%%
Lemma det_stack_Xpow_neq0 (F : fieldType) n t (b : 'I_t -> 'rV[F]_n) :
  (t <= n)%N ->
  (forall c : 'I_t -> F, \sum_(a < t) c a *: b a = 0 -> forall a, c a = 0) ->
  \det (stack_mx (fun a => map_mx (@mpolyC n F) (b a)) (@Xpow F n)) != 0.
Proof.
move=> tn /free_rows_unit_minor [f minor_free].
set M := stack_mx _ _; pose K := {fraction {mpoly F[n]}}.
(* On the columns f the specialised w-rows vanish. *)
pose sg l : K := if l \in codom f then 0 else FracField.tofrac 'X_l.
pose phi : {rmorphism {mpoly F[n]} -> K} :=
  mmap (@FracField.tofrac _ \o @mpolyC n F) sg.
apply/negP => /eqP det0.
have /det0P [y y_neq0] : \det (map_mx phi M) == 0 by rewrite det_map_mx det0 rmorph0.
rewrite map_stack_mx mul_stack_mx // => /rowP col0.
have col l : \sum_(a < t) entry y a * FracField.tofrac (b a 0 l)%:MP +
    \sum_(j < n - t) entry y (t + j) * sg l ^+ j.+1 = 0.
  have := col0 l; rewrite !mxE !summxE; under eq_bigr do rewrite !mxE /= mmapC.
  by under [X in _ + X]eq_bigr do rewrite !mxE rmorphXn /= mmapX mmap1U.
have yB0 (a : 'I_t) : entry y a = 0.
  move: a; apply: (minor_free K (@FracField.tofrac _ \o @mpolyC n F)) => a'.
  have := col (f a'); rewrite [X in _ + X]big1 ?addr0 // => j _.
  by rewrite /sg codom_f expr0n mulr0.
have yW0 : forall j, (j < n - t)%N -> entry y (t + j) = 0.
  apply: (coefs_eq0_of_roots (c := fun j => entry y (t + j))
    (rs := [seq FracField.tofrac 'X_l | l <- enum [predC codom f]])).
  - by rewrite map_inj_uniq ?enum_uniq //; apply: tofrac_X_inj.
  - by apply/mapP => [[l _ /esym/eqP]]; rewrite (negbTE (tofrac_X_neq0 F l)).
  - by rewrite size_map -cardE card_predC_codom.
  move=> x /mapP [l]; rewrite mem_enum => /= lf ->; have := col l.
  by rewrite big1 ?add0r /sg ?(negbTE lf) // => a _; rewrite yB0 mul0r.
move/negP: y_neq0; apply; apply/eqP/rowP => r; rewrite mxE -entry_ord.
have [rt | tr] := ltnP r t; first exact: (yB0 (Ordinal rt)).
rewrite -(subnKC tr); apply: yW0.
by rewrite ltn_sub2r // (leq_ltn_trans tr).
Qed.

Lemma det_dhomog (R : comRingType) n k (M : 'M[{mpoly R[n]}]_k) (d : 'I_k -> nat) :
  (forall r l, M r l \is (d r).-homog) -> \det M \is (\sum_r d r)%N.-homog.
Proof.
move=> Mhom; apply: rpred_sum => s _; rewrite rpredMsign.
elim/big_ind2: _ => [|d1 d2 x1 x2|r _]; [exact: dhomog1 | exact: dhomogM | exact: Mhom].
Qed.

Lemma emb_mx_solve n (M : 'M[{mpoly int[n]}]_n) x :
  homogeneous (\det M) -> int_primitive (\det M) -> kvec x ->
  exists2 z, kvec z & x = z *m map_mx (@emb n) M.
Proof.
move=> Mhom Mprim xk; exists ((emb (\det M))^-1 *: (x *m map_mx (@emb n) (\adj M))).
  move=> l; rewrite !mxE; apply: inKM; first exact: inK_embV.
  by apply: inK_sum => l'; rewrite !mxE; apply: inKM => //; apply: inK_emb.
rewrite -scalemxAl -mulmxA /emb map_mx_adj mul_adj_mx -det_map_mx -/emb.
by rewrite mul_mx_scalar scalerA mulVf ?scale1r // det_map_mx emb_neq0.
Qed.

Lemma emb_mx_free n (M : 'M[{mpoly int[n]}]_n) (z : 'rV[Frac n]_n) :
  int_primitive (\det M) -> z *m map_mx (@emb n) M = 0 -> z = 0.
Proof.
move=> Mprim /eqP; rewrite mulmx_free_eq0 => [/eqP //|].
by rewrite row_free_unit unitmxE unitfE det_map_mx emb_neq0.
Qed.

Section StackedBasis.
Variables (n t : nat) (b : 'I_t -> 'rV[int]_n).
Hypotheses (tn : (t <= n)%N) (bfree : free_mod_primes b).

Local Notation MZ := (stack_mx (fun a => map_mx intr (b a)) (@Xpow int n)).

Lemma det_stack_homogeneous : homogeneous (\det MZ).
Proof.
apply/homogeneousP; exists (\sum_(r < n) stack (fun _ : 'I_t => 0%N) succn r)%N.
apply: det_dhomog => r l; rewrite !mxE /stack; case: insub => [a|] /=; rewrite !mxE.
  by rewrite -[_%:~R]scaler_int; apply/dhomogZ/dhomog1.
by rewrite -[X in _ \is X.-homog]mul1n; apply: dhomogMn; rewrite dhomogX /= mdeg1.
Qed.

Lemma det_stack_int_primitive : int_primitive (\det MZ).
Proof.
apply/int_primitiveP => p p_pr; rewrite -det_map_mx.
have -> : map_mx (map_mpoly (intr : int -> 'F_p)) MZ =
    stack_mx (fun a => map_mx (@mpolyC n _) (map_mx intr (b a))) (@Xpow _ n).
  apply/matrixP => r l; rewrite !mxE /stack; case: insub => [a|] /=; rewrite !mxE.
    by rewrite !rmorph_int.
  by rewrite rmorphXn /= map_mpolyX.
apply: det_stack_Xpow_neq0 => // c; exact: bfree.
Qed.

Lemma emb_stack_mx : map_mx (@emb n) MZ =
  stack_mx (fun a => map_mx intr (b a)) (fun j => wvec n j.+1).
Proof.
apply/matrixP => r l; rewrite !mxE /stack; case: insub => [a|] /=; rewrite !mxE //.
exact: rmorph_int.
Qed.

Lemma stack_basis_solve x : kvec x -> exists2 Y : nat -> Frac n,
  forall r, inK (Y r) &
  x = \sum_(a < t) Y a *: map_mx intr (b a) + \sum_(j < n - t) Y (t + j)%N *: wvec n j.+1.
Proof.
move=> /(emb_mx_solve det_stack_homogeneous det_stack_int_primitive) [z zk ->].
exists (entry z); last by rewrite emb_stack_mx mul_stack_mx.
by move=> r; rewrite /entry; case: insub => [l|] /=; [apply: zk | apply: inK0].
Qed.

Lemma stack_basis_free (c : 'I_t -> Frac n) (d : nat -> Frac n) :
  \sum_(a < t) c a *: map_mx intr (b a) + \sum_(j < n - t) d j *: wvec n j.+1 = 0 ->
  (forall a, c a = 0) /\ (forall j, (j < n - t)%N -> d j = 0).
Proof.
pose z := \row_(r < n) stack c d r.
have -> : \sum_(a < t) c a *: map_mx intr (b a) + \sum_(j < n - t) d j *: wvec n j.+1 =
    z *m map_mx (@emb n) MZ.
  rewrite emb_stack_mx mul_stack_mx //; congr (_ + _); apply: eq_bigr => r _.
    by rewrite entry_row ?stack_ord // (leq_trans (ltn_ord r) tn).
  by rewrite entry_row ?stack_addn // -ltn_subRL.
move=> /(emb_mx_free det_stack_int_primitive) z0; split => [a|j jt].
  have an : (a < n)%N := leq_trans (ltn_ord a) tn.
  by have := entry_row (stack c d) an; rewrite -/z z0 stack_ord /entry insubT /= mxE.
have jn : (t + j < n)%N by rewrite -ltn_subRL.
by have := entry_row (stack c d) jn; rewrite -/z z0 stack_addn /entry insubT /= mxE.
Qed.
%%
%%
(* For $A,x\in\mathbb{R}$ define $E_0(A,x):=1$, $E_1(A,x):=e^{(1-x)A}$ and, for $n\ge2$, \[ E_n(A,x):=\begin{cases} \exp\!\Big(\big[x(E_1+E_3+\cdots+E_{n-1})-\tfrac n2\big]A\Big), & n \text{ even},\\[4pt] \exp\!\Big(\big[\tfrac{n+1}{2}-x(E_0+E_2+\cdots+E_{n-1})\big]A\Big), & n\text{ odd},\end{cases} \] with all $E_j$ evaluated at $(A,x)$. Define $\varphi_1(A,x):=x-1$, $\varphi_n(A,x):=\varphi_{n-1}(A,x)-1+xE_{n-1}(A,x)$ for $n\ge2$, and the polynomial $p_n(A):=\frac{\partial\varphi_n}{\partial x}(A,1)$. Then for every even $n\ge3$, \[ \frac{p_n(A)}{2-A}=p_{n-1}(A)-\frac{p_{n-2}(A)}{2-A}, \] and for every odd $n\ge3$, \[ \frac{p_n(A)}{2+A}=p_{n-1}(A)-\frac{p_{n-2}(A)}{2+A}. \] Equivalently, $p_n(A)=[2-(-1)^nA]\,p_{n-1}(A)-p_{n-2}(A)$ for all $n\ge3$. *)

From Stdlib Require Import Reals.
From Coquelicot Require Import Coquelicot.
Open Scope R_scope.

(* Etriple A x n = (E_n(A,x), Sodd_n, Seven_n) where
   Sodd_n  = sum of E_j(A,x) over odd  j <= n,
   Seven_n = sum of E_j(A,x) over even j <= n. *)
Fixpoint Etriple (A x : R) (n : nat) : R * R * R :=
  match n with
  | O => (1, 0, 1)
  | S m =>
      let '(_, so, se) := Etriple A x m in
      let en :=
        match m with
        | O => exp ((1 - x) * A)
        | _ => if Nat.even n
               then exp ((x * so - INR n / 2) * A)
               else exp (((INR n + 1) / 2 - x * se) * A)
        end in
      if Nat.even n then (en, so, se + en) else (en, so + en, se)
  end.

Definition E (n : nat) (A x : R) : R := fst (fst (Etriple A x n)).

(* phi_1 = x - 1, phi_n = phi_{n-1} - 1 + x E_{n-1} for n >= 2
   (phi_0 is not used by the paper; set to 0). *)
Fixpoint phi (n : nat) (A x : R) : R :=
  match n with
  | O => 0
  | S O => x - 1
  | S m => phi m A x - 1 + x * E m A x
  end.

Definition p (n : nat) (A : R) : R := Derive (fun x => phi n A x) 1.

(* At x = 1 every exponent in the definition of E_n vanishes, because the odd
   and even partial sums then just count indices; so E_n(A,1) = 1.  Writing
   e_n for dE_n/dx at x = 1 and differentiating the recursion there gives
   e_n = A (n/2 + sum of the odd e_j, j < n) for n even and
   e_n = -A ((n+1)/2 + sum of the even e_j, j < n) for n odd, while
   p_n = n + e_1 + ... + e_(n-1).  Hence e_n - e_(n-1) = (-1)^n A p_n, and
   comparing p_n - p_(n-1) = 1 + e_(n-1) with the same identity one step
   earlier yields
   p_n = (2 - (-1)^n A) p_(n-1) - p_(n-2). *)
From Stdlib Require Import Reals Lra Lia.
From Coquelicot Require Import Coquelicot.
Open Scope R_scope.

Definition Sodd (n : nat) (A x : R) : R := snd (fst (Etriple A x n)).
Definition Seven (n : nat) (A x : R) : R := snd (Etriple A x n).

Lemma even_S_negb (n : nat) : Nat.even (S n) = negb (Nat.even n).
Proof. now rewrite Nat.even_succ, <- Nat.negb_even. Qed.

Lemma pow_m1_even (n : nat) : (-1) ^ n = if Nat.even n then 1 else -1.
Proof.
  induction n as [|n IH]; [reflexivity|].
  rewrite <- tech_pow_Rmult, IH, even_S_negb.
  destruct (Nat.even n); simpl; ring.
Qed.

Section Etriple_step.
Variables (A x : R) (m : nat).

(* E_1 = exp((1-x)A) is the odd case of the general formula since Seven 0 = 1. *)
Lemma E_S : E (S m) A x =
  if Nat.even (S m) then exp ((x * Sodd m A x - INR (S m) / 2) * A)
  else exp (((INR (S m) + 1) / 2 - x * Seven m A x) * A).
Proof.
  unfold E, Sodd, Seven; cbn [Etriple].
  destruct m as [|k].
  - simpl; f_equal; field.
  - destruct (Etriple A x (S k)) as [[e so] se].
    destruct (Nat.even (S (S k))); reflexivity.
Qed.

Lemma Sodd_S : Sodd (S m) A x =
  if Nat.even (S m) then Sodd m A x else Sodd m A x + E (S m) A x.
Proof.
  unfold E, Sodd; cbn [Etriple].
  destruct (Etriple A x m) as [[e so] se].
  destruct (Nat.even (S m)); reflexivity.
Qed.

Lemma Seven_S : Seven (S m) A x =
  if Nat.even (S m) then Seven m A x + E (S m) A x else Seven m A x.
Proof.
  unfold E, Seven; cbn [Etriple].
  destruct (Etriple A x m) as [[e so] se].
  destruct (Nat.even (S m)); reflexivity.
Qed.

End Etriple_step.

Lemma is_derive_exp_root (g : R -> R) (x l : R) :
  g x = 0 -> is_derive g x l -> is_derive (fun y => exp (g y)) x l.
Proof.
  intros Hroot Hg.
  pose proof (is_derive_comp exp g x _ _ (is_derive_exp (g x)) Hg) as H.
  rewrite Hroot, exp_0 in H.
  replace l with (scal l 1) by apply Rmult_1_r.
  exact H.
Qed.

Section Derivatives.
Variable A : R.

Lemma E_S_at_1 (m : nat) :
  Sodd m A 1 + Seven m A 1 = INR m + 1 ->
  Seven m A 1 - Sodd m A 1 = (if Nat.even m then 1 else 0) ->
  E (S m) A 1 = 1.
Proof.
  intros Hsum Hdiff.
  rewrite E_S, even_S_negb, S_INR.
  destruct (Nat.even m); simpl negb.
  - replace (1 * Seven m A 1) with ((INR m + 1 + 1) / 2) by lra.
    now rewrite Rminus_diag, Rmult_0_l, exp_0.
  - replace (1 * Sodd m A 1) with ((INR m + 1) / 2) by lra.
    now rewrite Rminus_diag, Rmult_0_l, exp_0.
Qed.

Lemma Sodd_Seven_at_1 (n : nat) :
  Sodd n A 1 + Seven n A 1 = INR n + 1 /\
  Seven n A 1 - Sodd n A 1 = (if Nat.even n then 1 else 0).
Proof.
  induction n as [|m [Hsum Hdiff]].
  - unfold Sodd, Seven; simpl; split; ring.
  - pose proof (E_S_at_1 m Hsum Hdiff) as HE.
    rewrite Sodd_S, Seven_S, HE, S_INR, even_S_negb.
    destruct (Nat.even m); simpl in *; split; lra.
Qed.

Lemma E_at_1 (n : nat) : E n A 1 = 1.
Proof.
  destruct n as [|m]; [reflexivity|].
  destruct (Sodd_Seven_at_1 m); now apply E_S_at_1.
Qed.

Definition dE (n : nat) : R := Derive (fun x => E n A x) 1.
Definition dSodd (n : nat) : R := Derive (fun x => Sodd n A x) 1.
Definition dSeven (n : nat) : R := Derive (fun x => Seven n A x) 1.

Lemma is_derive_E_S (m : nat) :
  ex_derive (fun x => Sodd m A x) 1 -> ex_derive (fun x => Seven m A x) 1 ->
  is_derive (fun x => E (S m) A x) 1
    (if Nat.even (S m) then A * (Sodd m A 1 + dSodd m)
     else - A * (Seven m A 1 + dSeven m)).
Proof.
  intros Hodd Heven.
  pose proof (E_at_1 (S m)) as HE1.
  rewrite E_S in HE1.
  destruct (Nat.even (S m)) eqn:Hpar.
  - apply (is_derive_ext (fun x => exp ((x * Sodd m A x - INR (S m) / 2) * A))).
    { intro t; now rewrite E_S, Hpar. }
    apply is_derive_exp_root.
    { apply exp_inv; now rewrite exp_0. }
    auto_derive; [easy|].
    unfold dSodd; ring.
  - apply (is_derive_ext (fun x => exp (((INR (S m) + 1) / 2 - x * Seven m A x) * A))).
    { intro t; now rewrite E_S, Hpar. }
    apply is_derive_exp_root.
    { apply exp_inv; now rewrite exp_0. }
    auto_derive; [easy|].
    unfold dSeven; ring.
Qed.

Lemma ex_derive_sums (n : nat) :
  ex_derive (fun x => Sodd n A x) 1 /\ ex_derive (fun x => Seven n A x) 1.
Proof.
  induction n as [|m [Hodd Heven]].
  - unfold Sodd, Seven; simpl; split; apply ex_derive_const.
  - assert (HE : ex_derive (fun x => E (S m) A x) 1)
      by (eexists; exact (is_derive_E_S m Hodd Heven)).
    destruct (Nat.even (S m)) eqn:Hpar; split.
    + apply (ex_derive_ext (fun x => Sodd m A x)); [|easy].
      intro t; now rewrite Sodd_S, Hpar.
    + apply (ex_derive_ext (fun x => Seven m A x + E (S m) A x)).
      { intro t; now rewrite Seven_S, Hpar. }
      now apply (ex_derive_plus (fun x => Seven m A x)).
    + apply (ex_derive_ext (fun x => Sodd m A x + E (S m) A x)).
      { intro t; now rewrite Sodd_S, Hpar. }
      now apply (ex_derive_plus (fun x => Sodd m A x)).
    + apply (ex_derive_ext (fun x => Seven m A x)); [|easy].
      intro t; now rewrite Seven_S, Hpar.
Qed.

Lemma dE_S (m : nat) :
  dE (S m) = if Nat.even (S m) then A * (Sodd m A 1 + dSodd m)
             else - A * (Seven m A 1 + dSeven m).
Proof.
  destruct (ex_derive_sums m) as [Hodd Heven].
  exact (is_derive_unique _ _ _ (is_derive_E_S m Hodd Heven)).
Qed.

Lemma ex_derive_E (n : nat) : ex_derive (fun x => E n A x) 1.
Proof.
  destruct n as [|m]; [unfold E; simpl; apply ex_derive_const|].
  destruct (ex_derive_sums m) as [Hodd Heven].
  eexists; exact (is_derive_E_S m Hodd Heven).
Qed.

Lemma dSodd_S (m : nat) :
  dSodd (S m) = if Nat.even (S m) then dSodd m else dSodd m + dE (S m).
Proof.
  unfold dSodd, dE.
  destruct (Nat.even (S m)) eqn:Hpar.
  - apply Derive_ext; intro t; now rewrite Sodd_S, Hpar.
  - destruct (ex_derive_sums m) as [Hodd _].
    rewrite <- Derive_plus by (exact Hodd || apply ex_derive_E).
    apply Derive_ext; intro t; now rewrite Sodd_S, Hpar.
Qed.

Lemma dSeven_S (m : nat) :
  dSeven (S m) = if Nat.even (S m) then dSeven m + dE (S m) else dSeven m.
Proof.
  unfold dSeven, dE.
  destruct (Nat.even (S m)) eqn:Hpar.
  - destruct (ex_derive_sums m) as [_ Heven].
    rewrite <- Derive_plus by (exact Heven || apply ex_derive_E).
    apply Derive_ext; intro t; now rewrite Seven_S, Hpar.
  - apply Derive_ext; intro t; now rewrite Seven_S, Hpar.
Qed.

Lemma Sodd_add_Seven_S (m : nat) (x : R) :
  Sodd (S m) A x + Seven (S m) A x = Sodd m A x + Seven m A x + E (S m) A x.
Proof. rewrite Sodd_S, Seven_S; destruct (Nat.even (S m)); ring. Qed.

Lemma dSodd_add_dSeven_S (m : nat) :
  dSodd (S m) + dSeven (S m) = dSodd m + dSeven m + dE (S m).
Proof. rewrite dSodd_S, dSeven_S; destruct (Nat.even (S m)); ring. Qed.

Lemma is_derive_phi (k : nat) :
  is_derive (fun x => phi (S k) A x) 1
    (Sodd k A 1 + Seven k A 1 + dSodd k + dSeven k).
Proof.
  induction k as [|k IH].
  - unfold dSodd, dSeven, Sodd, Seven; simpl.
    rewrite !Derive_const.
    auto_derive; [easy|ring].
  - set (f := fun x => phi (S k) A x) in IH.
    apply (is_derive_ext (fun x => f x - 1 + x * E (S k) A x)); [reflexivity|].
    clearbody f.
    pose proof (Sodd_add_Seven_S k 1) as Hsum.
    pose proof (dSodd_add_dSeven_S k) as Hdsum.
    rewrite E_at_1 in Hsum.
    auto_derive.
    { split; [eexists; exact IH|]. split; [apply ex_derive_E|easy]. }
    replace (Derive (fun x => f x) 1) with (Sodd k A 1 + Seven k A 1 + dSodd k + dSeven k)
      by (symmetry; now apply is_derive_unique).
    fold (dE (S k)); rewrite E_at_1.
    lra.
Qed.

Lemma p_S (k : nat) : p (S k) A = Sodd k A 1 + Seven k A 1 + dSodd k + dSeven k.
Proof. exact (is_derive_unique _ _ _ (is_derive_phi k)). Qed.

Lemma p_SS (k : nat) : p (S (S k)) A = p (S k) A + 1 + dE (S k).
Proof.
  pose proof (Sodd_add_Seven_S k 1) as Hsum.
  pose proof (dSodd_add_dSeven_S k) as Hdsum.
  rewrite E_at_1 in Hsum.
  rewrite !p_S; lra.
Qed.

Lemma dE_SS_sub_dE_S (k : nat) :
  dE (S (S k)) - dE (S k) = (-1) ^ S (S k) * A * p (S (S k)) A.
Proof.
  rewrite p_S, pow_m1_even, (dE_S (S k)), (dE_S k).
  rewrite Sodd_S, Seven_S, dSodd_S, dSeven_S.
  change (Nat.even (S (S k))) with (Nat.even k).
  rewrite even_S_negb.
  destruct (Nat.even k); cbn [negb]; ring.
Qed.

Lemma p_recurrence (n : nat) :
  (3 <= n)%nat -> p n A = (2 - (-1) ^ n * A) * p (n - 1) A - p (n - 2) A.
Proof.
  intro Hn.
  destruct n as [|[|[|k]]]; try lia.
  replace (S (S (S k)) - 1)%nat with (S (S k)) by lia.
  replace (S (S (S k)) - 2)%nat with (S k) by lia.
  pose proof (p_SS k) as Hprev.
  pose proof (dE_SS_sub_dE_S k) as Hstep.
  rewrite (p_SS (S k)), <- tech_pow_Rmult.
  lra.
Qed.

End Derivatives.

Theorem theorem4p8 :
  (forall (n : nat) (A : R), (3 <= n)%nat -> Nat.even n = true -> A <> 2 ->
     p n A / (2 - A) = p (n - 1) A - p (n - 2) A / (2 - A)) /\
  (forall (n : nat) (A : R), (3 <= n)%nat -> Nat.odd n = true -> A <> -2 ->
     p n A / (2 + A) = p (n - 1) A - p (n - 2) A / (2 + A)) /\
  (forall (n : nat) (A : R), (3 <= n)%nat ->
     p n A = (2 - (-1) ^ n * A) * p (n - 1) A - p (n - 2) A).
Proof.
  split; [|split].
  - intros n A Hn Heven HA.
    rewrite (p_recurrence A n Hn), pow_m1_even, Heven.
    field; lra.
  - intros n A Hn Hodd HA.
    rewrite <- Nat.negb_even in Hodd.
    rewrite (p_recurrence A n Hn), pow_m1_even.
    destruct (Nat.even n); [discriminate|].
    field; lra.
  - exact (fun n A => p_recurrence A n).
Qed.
%%
EXERCISE DIRECTIONS: Using the entries above, extract exactly the span from the line with "by rewrite ltn_sub2r // (leq_ltn_trans tr)." to the line with "homogeneous (\det M)", both lines included; leave out everything else.

EXERCISE ANSWER:
by rewrite ltn_sub2r // (leq_ltn_trans tr).
Qed.

Lemma det_dhomog (R : comRingType) n k (M : 'M[{mpoly R[n]}]_k) (d : 'I_k -> nat) :
  (forall r l, M r l \is (d r).-homog) -> \det M \is (\sum_r d r)%N.-homog.
Proof.
move=> Mhom; apply: rpred_sum => s _; rewrite rpredMsign.
elim/big_ind2: _ => [|d1 d2 x1 x2|r _]; [exact: dhomog1 | exact: dhomogM | exact: Mhom].
Qed.

Lemma emb_mx_solve n (M : 'M[{mpoly int[n]}]_n) x :
  homogeneous (\det M) -> int_primitive (\det M) -> kvec x ->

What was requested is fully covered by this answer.